**ACTIVITY**:
If a line in the records below contains the word "ffunE", copy it out.

**GIVEN DATA**:
Start of Block

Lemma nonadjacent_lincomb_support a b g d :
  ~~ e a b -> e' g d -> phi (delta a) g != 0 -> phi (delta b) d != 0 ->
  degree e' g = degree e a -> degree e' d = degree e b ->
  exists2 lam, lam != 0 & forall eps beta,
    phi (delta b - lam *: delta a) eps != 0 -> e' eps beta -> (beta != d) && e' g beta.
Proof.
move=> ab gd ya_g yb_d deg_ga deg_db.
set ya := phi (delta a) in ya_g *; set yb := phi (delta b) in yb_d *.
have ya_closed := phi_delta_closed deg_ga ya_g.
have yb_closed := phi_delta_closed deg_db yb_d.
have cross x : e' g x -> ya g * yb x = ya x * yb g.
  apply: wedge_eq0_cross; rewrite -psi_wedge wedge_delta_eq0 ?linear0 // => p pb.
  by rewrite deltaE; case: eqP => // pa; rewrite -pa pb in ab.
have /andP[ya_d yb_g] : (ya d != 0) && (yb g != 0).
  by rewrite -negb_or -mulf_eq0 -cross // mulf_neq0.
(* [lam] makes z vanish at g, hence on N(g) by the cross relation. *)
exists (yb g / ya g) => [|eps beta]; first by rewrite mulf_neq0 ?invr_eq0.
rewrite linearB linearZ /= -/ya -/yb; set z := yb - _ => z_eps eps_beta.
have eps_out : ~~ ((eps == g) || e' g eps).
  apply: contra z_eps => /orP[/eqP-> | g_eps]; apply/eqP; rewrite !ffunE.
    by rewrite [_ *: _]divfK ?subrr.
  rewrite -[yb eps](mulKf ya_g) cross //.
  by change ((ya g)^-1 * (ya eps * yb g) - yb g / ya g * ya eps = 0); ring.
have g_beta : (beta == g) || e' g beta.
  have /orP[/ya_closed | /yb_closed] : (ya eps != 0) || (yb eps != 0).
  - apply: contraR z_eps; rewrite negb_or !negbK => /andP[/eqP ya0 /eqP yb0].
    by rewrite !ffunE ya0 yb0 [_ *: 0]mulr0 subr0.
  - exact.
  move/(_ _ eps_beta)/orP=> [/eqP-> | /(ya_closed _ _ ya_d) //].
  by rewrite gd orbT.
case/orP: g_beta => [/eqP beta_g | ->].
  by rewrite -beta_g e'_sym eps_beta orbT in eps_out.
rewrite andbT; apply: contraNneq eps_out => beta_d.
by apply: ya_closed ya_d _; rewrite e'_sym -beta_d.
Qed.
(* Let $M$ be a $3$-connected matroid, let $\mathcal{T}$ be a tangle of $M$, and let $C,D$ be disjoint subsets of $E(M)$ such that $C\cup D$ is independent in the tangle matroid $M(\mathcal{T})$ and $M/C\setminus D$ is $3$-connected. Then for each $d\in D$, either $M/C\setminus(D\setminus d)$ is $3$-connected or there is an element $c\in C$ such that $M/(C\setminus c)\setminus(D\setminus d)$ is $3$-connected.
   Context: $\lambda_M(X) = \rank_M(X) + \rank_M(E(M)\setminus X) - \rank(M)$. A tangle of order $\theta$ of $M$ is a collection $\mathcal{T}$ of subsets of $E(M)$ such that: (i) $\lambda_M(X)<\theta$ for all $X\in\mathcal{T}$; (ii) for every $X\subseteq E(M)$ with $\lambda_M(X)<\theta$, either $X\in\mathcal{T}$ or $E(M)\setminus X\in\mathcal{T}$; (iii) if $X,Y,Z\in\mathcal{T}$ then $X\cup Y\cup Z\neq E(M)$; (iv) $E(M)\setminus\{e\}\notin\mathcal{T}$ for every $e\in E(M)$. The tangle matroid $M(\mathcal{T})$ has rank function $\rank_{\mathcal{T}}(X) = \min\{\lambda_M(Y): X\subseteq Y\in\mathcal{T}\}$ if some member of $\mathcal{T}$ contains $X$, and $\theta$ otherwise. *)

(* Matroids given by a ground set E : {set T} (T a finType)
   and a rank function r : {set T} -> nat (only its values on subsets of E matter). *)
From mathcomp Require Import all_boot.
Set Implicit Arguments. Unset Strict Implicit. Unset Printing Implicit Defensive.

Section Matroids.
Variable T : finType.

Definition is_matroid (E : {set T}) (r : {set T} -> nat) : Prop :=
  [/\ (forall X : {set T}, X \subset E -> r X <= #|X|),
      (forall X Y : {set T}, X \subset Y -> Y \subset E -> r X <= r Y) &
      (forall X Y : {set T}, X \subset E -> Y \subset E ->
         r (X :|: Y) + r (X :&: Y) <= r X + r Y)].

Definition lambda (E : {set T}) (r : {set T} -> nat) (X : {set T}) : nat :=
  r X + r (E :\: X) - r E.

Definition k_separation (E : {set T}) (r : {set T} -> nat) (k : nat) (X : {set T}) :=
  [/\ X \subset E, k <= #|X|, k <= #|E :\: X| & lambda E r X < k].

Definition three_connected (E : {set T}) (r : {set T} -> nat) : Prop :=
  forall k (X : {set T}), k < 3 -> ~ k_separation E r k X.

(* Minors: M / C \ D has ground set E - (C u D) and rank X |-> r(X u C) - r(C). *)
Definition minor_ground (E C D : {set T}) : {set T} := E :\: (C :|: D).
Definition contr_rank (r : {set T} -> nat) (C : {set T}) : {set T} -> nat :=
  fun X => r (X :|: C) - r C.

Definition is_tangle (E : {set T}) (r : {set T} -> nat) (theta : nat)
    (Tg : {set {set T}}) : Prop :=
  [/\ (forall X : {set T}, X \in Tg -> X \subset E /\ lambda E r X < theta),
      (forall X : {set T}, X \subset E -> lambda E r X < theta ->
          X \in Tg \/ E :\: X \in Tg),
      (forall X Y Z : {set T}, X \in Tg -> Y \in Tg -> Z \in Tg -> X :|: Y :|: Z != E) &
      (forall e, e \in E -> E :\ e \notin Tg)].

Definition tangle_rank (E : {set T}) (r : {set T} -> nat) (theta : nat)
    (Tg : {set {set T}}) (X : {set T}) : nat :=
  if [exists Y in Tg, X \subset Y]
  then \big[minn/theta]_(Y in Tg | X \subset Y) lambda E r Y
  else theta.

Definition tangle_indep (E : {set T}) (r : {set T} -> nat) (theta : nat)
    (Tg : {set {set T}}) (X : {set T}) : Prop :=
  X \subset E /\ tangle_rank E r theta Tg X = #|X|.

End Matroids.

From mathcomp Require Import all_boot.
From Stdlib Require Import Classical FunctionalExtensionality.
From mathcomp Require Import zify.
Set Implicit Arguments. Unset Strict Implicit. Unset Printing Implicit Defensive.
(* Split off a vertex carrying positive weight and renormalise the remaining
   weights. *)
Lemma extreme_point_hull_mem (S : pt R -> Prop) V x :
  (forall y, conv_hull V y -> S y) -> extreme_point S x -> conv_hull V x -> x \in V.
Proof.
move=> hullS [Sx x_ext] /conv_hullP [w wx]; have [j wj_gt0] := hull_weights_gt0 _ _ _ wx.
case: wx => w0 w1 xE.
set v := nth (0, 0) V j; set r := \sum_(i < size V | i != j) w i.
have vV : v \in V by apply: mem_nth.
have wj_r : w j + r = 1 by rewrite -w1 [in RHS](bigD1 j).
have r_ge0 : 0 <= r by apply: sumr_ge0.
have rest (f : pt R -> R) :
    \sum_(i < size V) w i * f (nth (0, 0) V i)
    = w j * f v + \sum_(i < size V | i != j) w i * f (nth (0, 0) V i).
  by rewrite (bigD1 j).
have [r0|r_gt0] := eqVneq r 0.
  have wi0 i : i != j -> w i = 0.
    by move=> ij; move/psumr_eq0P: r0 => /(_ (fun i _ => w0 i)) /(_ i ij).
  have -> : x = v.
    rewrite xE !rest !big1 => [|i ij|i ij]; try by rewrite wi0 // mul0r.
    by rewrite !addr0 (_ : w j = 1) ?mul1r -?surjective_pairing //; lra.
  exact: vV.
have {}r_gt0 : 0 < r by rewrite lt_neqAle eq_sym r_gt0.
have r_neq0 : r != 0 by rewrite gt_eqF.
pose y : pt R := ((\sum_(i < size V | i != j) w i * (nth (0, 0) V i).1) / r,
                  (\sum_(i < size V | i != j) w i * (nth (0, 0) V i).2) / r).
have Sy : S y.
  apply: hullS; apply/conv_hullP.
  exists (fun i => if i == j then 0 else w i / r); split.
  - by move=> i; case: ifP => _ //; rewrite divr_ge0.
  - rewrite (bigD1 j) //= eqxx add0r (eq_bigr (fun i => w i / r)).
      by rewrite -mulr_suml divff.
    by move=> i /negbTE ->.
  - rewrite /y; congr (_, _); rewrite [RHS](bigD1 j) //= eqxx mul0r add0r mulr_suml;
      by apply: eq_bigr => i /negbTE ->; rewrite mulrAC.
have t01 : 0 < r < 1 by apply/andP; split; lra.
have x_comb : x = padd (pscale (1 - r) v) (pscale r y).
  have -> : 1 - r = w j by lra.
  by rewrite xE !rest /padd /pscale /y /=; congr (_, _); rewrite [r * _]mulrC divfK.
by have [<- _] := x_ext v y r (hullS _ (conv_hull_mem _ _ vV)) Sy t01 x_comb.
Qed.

End of Block

**COMPLETED EXERCISE**:
  apply: contra z_eps => /orP[/eqP-> | g_eps]; apply/eqP; rewrite !ffunE.
    by rewrite !ffunE ya0 yb0 [_ *: 0]mulr0 subr0.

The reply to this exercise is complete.